Il rischio medio sarà rinominato “livello 2”. Rientrano in questo livello: i luoghi di lavoro compresi nell’allegato I al DPR 1° agosto 2011, n. 151 (attività soggette al controllo da parte dei Vigili del Fuoco) con esclusione delle attività di livello 3; I cantieri temporanei e mobili ove si detengono ed impiegano sostanze infiammabili e si fa uso di fiamme libere, esclusi quelli interamente all’aperto.

 Il rischio alto sarà rinominato “livello 3”. Rientrano in questo livello: le attività elencate al punto 3.2.2 dell’Allegato III (vedasi per l’elenco completo), come ad esempio:

  • Depositi al chiuso di materiali combustibili aventi superficie superiore a 20.000 m².
  • Attività commerciali ed espositive con superficie aperta al pubblico superiore a 10.000 m².
  • Alberghi con oltre 200 posti letto.
  • Scuole di ogni ordine e grado con oltre 1.000 persone presenti.
  • Uffici con oltre 1.000 persone presenti.

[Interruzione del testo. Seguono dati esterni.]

Lemma inexact_fejer o : zeros T o -> normM (z - o) <= normM (x - o) + g * eta.
Proof.
move=> To; have -> : z - o = (zh g - o) + g *: (w - p).
  by rewrite z_w; apply/rowP => j; rewrite !mxE; ring.
apply: le_trans (normMD M_sym M_pd _ _) _; rewrite normMZ gtr0_norm // lerD //.
  by apply: normM_relaxed_resolvent_le; rewrite ?ltW.
by rewrite ler_wpM2l ?(ltW g_gt0) //; apply: le_trans w_p _; rewrite ge_min lexx.
Qed.

Lemma inexact_error : 0 <= de < 1 -> normM (w - p) <= de / (1 - de) * d x.
Proof.
move=> /andP[de_ge0 de_lt1].
have xp_le : normM (x - p) <= d x.
  apply: normM_le_sqr; rewrite ?dist_ge0 //.
  by have := dist_resolvent_sqr; have := sqr_ge0 (d p); lra.
have w_x : normM (w - x) <= normM (w - p) + normM (x - p).
  have -> : w - x = (w - p) + (p - x) by rewrite addrA subrK.
  by rewrite [normM (x - p)]normMB; apply: normMD.
have w_le : normM (w - p) <= de * normM (w - x).
  by apply: le_trans w_p _; rewrite ge_min lexx orbT.
rewrite mulrAC ler_pdivlMr ?subr_gt0 //.
by have := normM_nneg (w - p); nra.
Qed.

Lemma inexact_step_rate (k r : R) : 0 < k -> 0 <= de < 1 -> normv p <= r ->
  subregular_on T r k ->
  d z <= rate g k s de * d x.
Proof.
move=> k_gt0 de01 p_r subreg.
set radicand := 1 - Num.min g (2 * g - g ^+ 2) * s ^+ 2 / (s ^+ 2 + k ^+ 2).
have radicand_ge0 : 0 <= radicand.
  by apply: le_trans (sqr_ge0 (1 - g)) _; apply: rate_radicand_ge.
have dp_B : d p ^+ 2 * s ^+ 2 <= k ^+ 2 * B.
  rewrite -exprMn -normM_sqr // -exprMn; apply: lerXn2r.
  - by rewrite nnegrE mulr_ge0 ?dist_ge0 ?(ltW s_gt0).
  - by rewrite nnegrE mulr_ge0 ?(ltW k_gt0).
  - exact: (dist_resolvent_subreg k_gt0 p_r subreg).
have dh_le : d (zh g) <= Num.sqrt radicand * d x.
  rewrite -[d (zh g)]ger0_norm ?dist_ge0 // -sqrtr_sqr -[d x]ger0_norm ?dist_ge0 //.
  rewrite -sqrtr_sqr -sqrtrM // ler_wsqrtr //.
  by apply: dist_relaxed_resolvent_sqr; rewrite ?g_gt0.
have dz_le : d z <= d (zh g) + g * normM (w - p).
  rewrite -lerBlDr; apply: dist_glb => // o To; rewrite lerBlDr.
  apply: le_trans (dist_le _ _ z To) _ => //.
  have -> : o - z = (o - zh g) + (- g) *: (w - p).
    by rewrite z_w; apply/rowP => j; rewrite !mxE; ring.
  by apply: le_trans (normMD M_sym M_pd _ _) _; rewrite normMZ normrN gtr0_norm.
have := rate_ge s_gt0 k_gt0 g_gt0 g_lt2 de01; rewrite -/radicand => rate_le.
apply: le_trans dz_le _.
apply: le_trans (lerD dh_le (ler_wpM2l (ltW g_gt0) (inexact_error de01))) _.
by rewrite mulrA -mulrDl ler_wpM2r ?dist_ge0.
Qed.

Corsi di formazione per addetto antincendio, cosa cambia:

Anche per le attività di livello 1 (attuale rischio basso) saranno obbligatorie le esercitazioni sull’uso degli estintori portatili.
Viene definita anche la frequenza di aggiornamento della formazione: il nuovo decreto prevede infatti che l’aggiornamento della formazione antincendio avvenga con cadenza quinquennale.

 

Vediamo la durata dei corsi di formazione antincendio nel dettaglio:

Livello 1 (ex rischio basso):

  • Corso di formazione di 4 ore (2 ore di teoria e 2 ore di pratica).
  • Corso di aggiornamento di 2 ore ogni 5 anni (formazione pratica).

Livello 2 (ex rischio medio):

  • Corso di formazione di 8 ore (5 ore di teoria e 3 ore di pratica).
  • Corso di aggiornamento di 5 ore ogni 5 anni (2 ore di teoria e 3 di pratica).

Livello 3 (ex rischio alto):

  • Corso di formazione di 16 ore (12 ore di teoria e 4 ore di pratica).
  • Corso di aggiornamento di 8 ore ogni 5 anni (5 ore di teoria e 3 di pratica).

Infine, i corsi di formazione ed aggiornamento degli addetti antincendio dovranno essere tenuti esclusivamente da docenti in possesso dei requisiti stabiliti dall’art. 6 del DM 02 settembre 2021.

 

Piano di emergenza prevenziona incendi, cosa cambia:

La principale novità del DM 02 settembre 2021 prevede l’obbligo di predisposizione di un piano di emergenza nei seguenti casi:

  • Luoghi di lavoro ove sono occupati almeno 10 lavoratori.
  • Posti di lavoro rientranti tra le attività soggette ai controlli dei Vigili del Fuoco (Allegato I del DPR 151/2011).
  • Luoghi di lavoro aperti al pubblico caratterizzati dalla presenza contemporanea di più di 50 persone, indipendentemente dal numero di lavoratori (principale novità).

Per i luoghi di lavoro che non rientrano nei casi sopra elencati, il datore di lavoro non sarà obbligato a redigere il piano di emergenza, ferma restando la necessità di adottare misure organizzative e gestionali da attuare in caso di incendio.
Tali misure saranno riportate nel documento di valutazione dei rischi (DVR).

Come già previsto con il DM 10 marzo 1998, tutte le aziende aventi l’obbligo di predisporre il Piano di emergenza dovranno continuare ad effettuare, con cadenza almeno annuale, l’esercitazione antincendio (prova di evacuazione).